Памяти Анатолия Марковича Членова Вместо послесловия
Памяти Анатолия Марковича Членова
Вместо послесловия
Эту книгу перевел на русский язык мой отец Анатолий Маркович Членов (1916–1990). Он был интересным человеком и принадлежал к наиболее трагическому поколению недавно минувшей эпохи — к тем, чье детство пришлось на Первую мировую и на эпоху революций и гражданских войн в России, чью молодость унесла Вторая мировая война. Биография отца не следовала стандартной схеме — бабушка и дедушка еще соблюдают кашрут и потихоньку молятся в синагоге, отец и мать подаются в большевики, а уж сам имярек, а еще вернее — его потомки уподобляются тем детям, у которых была оскомина от кислого винограда, который ели их отцы.
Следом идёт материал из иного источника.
Lemma ball_interior_ratv_approx x y e : f y < 1 -> 0 < e ->
  exists q, f (ratv q) <= 1 /\ dotv x y - e <= dotv x (ratv q).
Proof.
move=> fy1 e0.
have [S S0 fS] := is_norm_coord_lipschitz; have [Sx Sx0 xS] := dotv_coord_lipschitz x.
set t := (1 - f y) / (S + 1); set w := e / (Sx + 1).
have tE : t * S + t = 1 - f y by rewrite -{2}[t]mulr1 -mulrDr divfK //; lra.
have wE : w * Sx + w = e by rewrite -{2}[w]mulr1 -mulrDr divfK //; lra.
have t0 : 0 < t by rewrite divr_gt0 //; lra.
have w0 : 0 < w by rewrite divr_gt0 //; lra.
have eta0 : 0 < Num.min t w by rewrite lt_min t0 w0.
have [q hq] := ratv_approx y eta0.
exists q; split.
- have fqy := fS _ _ hq.
  case: hf => _ _ _ /(_ y (ratv q - y)); rewrite [y + _]addrC subrK => fq.
  have : Num.min t w * S <= t * S by rewrite ler_wpM2r // ge_min lexx.
  lra.
- have xqy := xS _ _ hq.
  have -> : dotv x (ratv q) = dotv x y + dotv x (ratv q - y).
    by rewrite -dotvD [y + _]addrC subrK.
  have : Num.min t w * Sx <= w * Sx by rewrite ler_wpM2r // ge_min lexx orbT.
  lra.
Qed.

Lemma ball_ratv_approx x y e : f y <= 1 -> 0 < e ->
  exists q, f (ratv q) <= 1 /\ dotv x y - e <= dotv x (ratv q).
Proof.
move=> fy1 e0.
set a := `|dotv x y|; have a0 : 0 <= a := normr_ge0 _.
set u := e / (2 * (a + 1)).
have uE : u * (2 * (a + 1)) = e by rewrite divfK //; lra.
have u0 : 0 < u by rewrite divr_gt0 //; lra.
set s := Num.min 1 u.
have s0 : 0 < s by rewrite lt_min ltr01.
have s1 : s <= 1 by rewrite ge_min lexx.
have su : s <= u by rewrite ge_min lexx orbT.
have fsy : f ((1 - s) *: y) < 1.
  rewrite is_normZ ger0_norm; last by lra.
  by have := is_norm_ge0 y; nra.
have e20 : 0 < e / 2 by lra.
have [q [fq hq]] := ball_interior_ratv_approx x fsy e20.
exists q; split=> //; rewrite dotvZ in hq.
have : dotv x y <= a by exact: ler_norm.
nra.
Qed.
(* Consider a convex compact visibility representation of a graph $G$, and let $A$ and $B$ be two of its regions that are mutually visible (so $AB$ is an edge of $G$). If some region other than $A$ and $B$ intersects some line segment joining a point of $A$ to a point of $B$, then the edge $AB$ lies in a triangle ($K_3$) of $G$.
   Context: All graphs are finite and simple. Given a family of pairwise disjoint nonempty connected subsets (''regions'') of $\mathbb{R}^2$, a sightline is a closed line segment $\overline{ab}$ with $a\in A$, $b\in B$ for two different regions $A\neq B$ of the family, such that the segment intersects no region of the family other than $A$ and $B$; two regions are mutually visible if there is a sightline between them. A visibility representation of a graph $G$ is such a family with one region per vertex, such that two distinct vertices are adjacent in $G$ if and only if their regions are mutually visible. A convex compact visibility representation is one in which every region is compact and convex. Vertices are identified with their regions. *)

From mathcomp Require Import all_boot all_order all_algebra.
From mathcomp Require Import all_classical all_reals all_analysis.
Set Implicit Arguments. Unset Strict Implicit. Unset Printing Implicit Defensive.
Import Order.TTheory GRing.Theory Num.Theory.
Import numFieldNormedType.Exports.
Local Open Scope classical_set_scope.
Local Open Scope ring_scope.

Definition segment (R : realType) (a b : 'rV[R]_2) : set 'rV[R]_2 :=
  [set x | exists2 t : R, 0 <= t <= 1 & x = (1 - t) *: a + t *: b].

Definition convex_plane (R : realType) (S : set 'rV[R]_2) : Prop :=
  forall a b, S a -> S b -> segment a b `<=` S.

Definition sightline (R : realType) (V : finType) (F : V -> set 'rV[R]_2)
    (u v : V) (a b : 'rV[R]_2) : Prop :=
  [/\ u != v, F u a, F v b &
      forall w, w != u -> w != v -> segment a b `&` F w = set0].
Lemma perm_invariant_DeltaL_lift k (sigma : 'S_k.+1) (s : pretensor H k.+2) :
  perm_invariant (lift_perm ord0 ord0 sigma) s ->
  perm_invariant (lift_perm ord0 ord0 (lift_perm ord0 ord0 sigma)) (DeltaL Delta s).
Proof.
move=> s_inv V phi phiML; rewrite !teval_DeltaL.
rewrite -(s_inv _ _ (multilinear_coprodL_dual phiML)).
apply: eq_teval => t; rewrite /coprodL_dual /= ffunE lift_perm_id.
by apply: eq_teval => u; rewrite /= reindex_first_split.
Qed.

Definition swap12 m : 'S_m.+3 := lift_perm ord0 ord0 (tperm ord0 (lift ord0 ord0)).

Lemma swap12E m (j : 'I_m.+3) :
  swap12 m j = (if j == 1 :> nat then 2 else if j == 2 :> nat then 1 else j)%N :> nat.
Proof.
rewrite /swap12; case: (unliftP ord0 j) => [j1|] ->; last by rewrite lift_perm_id.
rewrite lift_perm_lift !lift0 permE /=.
by case: j1 => [[|[|v]] hv]; rewrite -!val_eqE /= ?lift0.
Qed.

Lemma teval_flip23 (V : lmodType K) (phi : {ffun 'I_3 -> H} -> V) (s : pretensor H 3) :
  teval phi (flip23 s) = teval (phi \o reindex (swap12 0)) s.
Proof.
rewrite /teval /flip23 big_map; apply: eq_bigr => p _ /=; congr (_ *: phi _).
apply/ffunP => j; rewrite !ffunE; congr (p.2 _); apply: val_inj; rewrite /= swap12E.
by case: j => [[|[|[|j]]] hj] //=; rewrite inordK.
Qed.

Definition glue3 m (w : {ffun 'I_3 -> H}) (t : {ffun 'I_m.+1 -> H})
  : {ffun 'I_m.+3 -> H} :=
  [ffun j : 'I_m.+3 => if (j < 3)%N then w (inord j) else t (inord j.-2)].

Lemma first_split_first_split m (t : {ffun 'I_m.+1 -> H}) (u v : {ffun 'I_2 -> H}) :
  first_split (first_split t u) v = glue3 (first_split u v) t.
Proof. by apply/ffunP => -[[|[|[|j]]] lt_j]; rewrite !ffunE /= ?inordK. Qed.

Lemma glue3_fupd m (t : {ffun 'I_m.+1 -> H}) (w : {ffun 'I_3 -> H}) i x :
  glue3 (fupd w i x) t = fupd (glue3 w t) (inord i) x.
Proof.
have le_i : (i <= m.+2)%N by case: i => [[|[|[|]]]].
apply/ffunP => j; rewrite !ffunE; case: ltnP => j3.
  by rewrite -!val_eqE /= !inordK.
suff /negbTE -> : j != inord i :> 'I_m.+3 by [].
by rewrite -val_eqE /= inordK //; apply: contraTneq j3 => ->; rewrite -ltnNge.
Qed.

Lemma reindex_glue3 m (t : {ffun 'I_m.+1 -> H}) (w : {ffun 'I_3 -> H}) :
  reindex (swap12 m) (glue3 w t) = glue3 (reindex (swap12 0) w) t.
Proof.
apply/ffunP => j; rewrite !ffunE swap12E.
by case: j => [[|[|[|j]]] lt_j]; rewrite /= ?ffunE; congr (_ _); apply: val_inj;
  rewrite /= ?swap12E ?inordK.
Qed.

Lemma coprodL_dual2 m (V : lmodType K) (phi : {ffun 'I_m.+3 -> H} -> V)
  (t : {ffun 'I_m.+1 -> H}) :
  coprodL_dual (coprodL_dual phi) t
  = teval (fun w => phi (glue3 w t)) (coprod_iter Delta 1 (t ord0)).
Proof.
rewrite /= teval_DeltaL; apply: eq_teval => u /=; rewrite /coprodL_dual.
have -> : first_split t u ord0 = u ord0.
  by rewrite ffunE; congr (u _); apply: val_inj; rewrite /= inordK.
by apply: eq_teval => v /=; rewrite first_split_first_split.
Qed.

Lemma perm_invariant_DeltaL2_swap12 m (s : pretensor H m.+1) :
  perm_invariant (swap12 m) (DeltaL Delta (DeltaL Delta s)).
Proof.
move=> V phi phiML; rewrite !teval_DeltaL; apply: eq_teval => t; rewrite !coprodL_dual2.
transitivity (teval ((fun w => phi (glue3 w t)) \o reindex (swap12 0))
                    (coprod_iter Delta 1 (t ord0))).
  by apply: eq_teval => w /=; rewrite reindex_glue3.
rewrite -teval_flip23; apply: Delta_cocomm.
by apply: multilinear_comp phiML; exact: glue3_fupd.
Qed.

Lemma coprod_iter_swap12_invariant k x :
  perm_invariant (swap12 k) (coprod_iter Delta k.+1 x).
Proof.
case: k => [|k]; last exact: perm_invariant_DeltaL2_swap12.
by move=> V phi phiML; rewrite -teval_flip23; apply: Delta_cocomm.
Qed.

Lemma coprod_iter_perm_invariant k (sigma : 'S_k.+1) x :
  perm_invariant (lift_perm ord0 ord0 sigma) (coprod_iter Delta k x).
Proof.
elim: k sigma => [|k IH] sigma.
  have -> : sigma = 1%g by apply/permP => i; rewrite perm1 (ord1 (sigma i)) (ord1 i).
  by rewrite lift_perm1; apply: perm_invariant1.
pose P s := perm_invariant (lift_perm ord0 ord0 s) (coprod_iter Delta k.+1 x).
apply: (@perm_ind_lift_swap _ P) => [p q|s|].
- by rewrite /P -(lift_permM ord0 ord0 ord0); apply: perm_invariantM.
- exact: perm_invariant_DeltaL_lift (IH s).
- exact: coprod_iter_swap12_invariant.
Qed.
У Тилли, так его звали его родные, все было не совсем так. Дедушки и бабушки его, жившие в небольшом городке Новозыбкове, в ту пору Черниговской губернии, а сейчас Брянской области России, кашрут, наверное, действительно соблюдали, но как-то не рьяно. Моя бабушка любила вспоминать, что за отцовским столом всегда подавали ветчину. «Почему?» — спросил у нее я. «Какой ты чудак, — ответила она мне. — Чтобы мы лучше питались. Но сам папочка никогда не ел!» Родители его большевиками никогда не были, в партии никто из них не состоял и революцию не делал.
Такой вот нестереотипный облик местечка и не самая типичная для людей тех лет биография. А на самом деле так оно и было. Тогда, в конце XIX века, местечко уже начало распадаться и разрушаться. Большинство молодежи стремилось поскорее вырваться оттуда, причем не обязательно в большевики или эсеры. Привлекала еврейских юношей и девушек того времени та витавшая в воздухе, но плохо определяемая словами стихия под названием «русская интеллигенция», тот «особенный еврейско-русский воздух…»[127], что уже в XX веке, во времена отцовской зрелости, проявит себя как в Союзе, так и в эмиграции. Родители моего отца потянулись еще в самом начале XX века в Петербург, где уже жила старшая сестра бабушки, вышедшая замуж за адвоката. Самой же бабушке пришлось для временного пребывания у сестры обзавестись дипломом «повивальной бабки второго разряда», который до сих пор хранится в моем домашнем архиве. В 1914 году родители моего отца, как они сами говорили, «венчались» в петербургской синагоге. Уже шла война, уже звучал колокол по старой еврейской жизни, по привычному еврейскому народу, с его идишем, уникальным образом жизни, манерой поведения, культурой. Отец отца, Мордух Нисонович Членов, который вскоре станет Марком Николаевичем, решает уехать с молодой женой в Баку, в развивающийся нефтяной центр, где уже поселился один из родственников. Там в октябре 1916 года у них рождается сын, получивший еврейское имя Натаниэль Богдан. Последнее имя было дано ему в честь его бабушки Богданы, кроме того, и Натаниэль, и Богдан имеют одно и то же значение — «Богом данный». Понятно, что долго такое имя не продержалось и сохранилось только в устных семейных анналах. Мальчик вскоре получил «детское» имя Тилюсик, впоследствии Тилли. А когда вырос, стал Анатолием Марковичем, каковым и прожил всю остальную жизнь.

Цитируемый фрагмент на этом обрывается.